### [PROVIDED INFORMATION]
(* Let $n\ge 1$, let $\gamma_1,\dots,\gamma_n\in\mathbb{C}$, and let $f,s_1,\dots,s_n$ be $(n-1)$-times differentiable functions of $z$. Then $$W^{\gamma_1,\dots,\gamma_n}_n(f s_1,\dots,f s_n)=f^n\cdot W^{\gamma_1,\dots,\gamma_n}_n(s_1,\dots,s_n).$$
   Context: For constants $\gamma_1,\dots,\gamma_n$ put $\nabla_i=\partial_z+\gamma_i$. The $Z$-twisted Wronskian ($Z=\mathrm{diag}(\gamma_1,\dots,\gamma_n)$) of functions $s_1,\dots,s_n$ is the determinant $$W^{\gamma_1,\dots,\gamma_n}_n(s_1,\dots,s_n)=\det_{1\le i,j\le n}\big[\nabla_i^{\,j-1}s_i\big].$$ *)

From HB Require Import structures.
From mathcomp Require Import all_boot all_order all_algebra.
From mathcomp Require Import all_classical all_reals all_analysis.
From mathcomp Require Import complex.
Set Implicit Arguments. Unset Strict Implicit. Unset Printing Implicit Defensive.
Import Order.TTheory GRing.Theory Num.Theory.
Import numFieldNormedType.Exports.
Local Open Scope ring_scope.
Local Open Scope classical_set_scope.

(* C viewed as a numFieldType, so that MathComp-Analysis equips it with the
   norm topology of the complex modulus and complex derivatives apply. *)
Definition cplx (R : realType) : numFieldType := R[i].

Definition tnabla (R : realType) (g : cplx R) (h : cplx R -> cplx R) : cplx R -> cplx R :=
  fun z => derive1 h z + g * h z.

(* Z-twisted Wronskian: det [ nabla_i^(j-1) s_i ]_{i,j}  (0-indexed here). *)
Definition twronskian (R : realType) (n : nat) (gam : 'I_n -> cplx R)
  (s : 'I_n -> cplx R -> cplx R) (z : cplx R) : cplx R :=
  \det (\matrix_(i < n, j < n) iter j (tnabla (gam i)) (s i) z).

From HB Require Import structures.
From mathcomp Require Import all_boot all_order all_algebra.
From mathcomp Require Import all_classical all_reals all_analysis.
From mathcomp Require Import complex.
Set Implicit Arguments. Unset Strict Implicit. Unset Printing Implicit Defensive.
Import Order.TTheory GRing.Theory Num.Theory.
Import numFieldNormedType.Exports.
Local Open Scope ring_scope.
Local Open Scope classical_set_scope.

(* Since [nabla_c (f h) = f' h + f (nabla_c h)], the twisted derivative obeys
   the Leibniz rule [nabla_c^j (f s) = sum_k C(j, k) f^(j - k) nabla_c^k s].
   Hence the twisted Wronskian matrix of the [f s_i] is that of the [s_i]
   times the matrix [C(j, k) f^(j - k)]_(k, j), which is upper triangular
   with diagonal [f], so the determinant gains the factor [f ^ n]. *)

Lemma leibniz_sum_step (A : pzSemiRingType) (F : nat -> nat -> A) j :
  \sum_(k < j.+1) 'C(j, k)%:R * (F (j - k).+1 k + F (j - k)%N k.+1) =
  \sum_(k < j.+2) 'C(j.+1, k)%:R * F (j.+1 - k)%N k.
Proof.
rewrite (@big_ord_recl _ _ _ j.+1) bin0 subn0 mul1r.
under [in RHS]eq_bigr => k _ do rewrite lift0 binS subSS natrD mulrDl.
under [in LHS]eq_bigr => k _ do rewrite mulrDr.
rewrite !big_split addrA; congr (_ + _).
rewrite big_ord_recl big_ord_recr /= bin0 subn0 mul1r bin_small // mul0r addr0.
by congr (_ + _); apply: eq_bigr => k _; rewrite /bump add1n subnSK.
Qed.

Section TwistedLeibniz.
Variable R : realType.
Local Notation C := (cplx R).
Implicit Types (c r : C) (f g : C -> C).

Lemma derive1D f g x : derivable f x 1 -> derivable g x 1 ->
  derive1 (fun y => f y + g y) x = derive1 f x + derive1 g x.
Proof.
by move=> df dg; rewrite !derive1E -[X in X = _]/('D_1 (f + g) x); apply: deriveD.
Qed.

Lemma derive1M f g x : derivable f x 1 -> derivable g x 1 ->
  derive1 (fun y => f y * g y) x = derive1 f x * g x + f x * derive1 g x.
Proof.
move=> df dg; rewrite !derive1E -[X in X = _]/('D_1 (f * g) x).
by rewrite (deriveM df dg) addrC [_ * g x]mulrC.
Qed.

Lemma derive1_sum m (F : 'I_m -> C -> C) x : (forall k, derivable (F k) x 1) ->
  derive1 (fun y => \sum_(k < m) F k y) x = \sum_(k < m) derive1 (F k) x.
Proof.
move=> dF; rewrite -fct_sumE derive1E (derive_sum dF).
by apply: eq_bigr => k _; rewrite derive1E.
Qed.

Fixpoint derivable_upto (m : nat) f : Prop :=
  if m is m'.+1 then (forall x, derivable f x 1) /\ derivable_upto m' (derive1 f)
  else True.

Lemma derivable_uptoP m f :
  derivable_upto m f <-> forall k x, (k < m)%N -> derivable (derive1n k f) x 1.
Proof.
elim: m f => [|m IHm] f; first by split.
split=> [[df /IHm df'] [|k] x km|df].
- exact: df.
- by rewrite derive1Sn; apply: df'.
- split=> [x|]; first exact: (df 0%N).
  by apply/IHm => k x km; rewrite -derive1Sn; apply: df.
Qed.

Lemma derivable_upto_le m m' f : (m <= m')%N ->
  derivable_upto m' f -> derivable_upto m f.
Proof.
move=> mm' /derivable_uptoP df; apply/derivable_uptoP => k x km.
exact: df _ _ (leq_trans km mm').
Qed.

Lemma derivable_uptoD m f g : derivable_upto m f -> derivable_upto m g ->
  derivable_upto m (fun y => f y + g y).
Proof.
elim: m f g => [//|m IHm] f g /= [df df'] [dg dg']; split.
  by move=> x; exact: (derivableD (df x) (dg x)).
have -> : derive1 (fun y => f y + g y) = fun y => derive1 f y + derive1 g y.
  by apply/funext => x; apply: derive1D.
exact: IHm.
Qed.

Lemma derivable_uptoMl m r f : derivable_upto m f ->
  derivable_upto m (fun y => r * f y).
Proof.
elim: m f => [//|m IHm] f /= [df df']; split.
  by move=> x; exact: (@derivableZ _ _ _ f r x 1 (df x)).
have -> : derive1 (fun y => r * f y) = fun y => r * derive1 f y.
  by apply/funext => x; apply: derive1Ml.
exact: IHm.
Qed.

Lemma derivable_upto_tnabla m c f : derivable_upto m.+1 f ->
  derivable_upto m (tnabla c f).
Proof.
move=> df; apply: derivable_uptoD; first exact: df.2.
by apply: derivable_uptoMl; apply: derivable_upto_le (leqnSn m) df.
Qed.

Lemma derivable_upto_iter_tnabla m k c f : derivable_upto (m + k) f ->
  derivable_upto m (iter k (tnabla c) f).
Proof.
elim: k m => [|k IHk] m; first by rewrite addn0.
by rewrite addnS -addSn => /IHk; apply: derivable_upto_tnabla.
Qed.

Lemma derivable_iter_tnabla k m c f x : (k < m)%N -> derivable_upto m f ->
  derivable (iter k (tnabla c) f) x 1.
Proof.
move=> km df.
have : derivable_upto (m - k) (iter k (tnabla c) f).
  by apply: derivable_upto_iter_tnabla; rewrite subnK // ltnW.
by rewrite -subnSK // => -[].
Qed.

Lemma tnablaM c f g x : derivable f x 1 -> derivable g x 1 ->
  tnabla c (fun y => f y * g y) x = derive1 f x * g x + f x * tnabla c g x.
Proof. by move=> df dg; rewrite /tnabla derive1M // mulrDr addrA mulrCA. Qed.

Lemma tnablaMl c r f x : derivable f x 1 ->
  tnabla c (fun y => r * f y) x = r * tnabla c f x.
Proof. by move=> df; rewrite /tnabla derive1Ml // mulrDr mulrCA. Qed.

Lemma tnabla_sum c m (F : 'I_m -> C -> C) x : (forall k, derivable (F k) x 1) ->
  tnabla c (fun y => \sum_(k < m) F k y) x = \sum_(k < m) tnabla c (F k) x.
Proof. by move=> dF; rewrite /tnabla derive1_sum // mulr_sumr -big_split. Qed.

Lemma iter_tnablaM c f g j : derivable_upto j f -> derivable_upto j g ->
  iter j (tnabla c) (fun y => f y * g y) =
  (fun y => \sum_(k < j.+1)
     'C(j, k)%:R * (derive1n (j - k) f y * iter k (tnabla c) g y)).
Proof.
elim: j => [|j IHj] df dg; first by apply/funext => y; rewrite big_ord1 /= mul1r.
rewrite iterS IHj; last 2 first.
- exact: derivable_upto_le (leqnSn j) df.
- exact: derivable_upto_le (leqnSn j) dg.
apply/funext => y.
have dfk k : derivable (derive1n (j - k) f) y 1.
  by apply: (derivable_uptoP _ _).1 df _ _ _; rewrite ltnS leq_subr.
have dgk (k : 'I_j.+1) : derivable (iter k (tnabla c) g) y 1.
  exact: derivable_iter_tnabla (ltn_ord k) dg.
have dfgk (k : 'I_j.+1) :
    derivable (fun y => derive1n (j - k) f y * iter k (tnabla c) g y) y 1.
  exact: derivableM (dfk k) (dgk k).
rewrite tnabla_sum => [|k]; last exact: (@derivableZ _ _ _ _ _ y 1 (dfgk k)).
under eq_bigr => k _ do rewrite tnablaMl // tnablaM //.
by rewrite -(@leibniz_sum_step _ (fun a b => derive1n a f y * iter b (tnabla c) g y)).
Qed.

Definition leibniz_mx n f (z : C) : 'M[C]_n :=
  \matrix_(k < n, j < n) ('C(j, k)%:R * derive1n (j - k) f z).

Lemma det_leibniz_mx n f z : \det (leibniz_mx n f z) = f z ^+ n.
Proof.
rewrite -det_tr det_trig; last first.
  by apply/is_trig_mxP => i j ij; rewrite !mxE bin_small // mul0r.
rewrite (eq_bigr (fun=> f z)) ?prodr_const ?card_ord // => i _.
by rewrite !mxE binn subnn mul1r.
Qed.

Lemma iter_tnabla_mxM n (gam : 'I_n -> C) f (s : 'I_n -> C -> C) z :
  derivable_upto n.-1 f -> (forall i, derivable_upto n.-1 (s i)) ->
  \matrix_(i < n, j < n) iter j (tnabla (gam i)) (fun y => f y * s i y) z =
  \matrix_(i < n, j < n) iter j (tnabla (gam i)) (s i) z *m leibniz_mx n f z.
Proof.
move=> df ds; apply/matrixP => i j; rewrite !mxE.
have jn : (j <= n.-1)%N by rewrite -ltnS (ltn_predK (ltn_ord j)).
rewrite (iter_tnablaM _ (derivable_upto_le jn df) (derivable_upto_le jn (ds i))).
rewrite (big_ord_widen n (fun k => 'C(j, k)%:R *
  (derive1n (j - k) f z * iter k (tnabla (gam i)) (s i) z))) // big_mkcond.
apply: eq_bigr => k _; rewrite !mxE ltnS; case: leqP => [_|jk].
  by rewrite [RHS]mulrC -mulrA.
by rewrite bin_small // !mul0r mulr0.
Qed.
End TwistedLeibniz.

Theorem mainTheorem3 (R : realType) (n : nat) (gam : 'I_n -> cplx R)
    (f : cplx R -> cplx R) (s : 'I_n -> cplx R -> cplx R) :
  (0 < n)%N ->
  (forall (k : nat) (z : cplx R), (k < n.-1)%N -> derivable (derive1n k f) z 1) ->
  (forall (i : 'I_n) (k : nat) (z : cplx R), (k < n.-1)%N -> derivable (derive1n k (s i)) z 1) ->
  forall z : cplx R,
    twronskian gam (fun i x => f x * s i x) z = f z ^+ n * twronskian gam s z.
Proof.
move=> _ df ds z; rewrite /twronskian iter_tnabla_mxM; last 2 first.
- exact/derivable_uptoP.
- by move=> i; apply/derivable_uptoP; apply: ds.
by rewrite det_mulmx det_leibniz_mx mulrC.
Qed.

### [TASK]
Above are some records; copy exactly the lines from the one with "have dfk k : derivable" through the one with "End TwistedLeibniz.", both included, and no others.

### [EXERCISE ANSWER]
have dfk k : derivable (derive1n (j - k) f) y 1.
  by apply: (derivable_uptoP _ _).1 df _ _ _; rewrite ltnS leq_subr.
have dgk (k : 'I_j.+1) : derivable (iter k (tnabla c) g) y 1.
  exact: derivable_iter_tnabla (ltn_ord k) dg.
have dfgk (k : 'I_j.+1) :
    derivable (fun y => derive1n (j - k) f y * iter k (tnabla c) g y) y 1.
  exact: derivableM (dfk k) (dgk k).
rewrite tnabla_sum => [|k]; last exact: (@derivableZ _ _ _ _ _ y 1 (dfgk k)).
under eq_bigr => k _ do rewrite tnablaMl // tnablaM //.
by rewrite -(@leibniz_sum_step _ (fun a b => derive1n a f y * iter b (tnabla c) g y)).
Qed.

Definition leibniz_mx n f (z : C) : 'M[C]_n :=
  \matrix_(k < n, j < n) ('C(j, k)%:R * derive1n (j - k) f z).

Lemma det_leibniz_mx n f z : \det (leibniz_mx n f z) = f z ^+ n.
Proof.
rewrite -det_tr det_trig; last first.
  by apply/is_trig_mxP => i j ij; rewrite !mxE bin_small // mul0r.
rewrite (eq_bigr (fun=> f z)) ?prodr_const ?card_ord // => i _.
by rewrite !mxE binn subnn mul1r.
Qed.

Lemma iter_tnabla_mxM n (gam : 'I_n -> C) f (s : 'I_n -> C -> C) z :
  derivable_upto n.-1 f -> (forall i, derivable_upto n.-1 (s i)) ->
  \matrix_(i < n, j < n) iter j (tnabla (gam i)) (fun y => f y * s i y) z =
  \matrix_(i < n, j < n) iter j (tnabla (gam i)) (s i) z *m leibniz_mx n f z.
Proof.
move=> df ds; apply/matrixP => i j; rewrite !mxE.
have jn : (j <= n.-1)%N by rewrite -ltnS (ltn_predK (ltn_ord j)).
rewrite (iter_tnablaM _ (derivable_upto_le jn df) (derivable_upto_le jn (ds i))).
rewrite (big_ord_widen n (fun k => 'C(j, k)%:R *
  (derive1n (j - k) f z * iter k (tnabla (gam i)) (s i) z))) // big_mkcond.
apply: eq_bigr => k _; rewrite !mxE ltnS; case: leqP => [_|jk].
  by rewrite [RHS]mulrC -mulrA.
by rewrite bin_small // !mul0r mulr0.
Qed.
End TwistedLeibniz.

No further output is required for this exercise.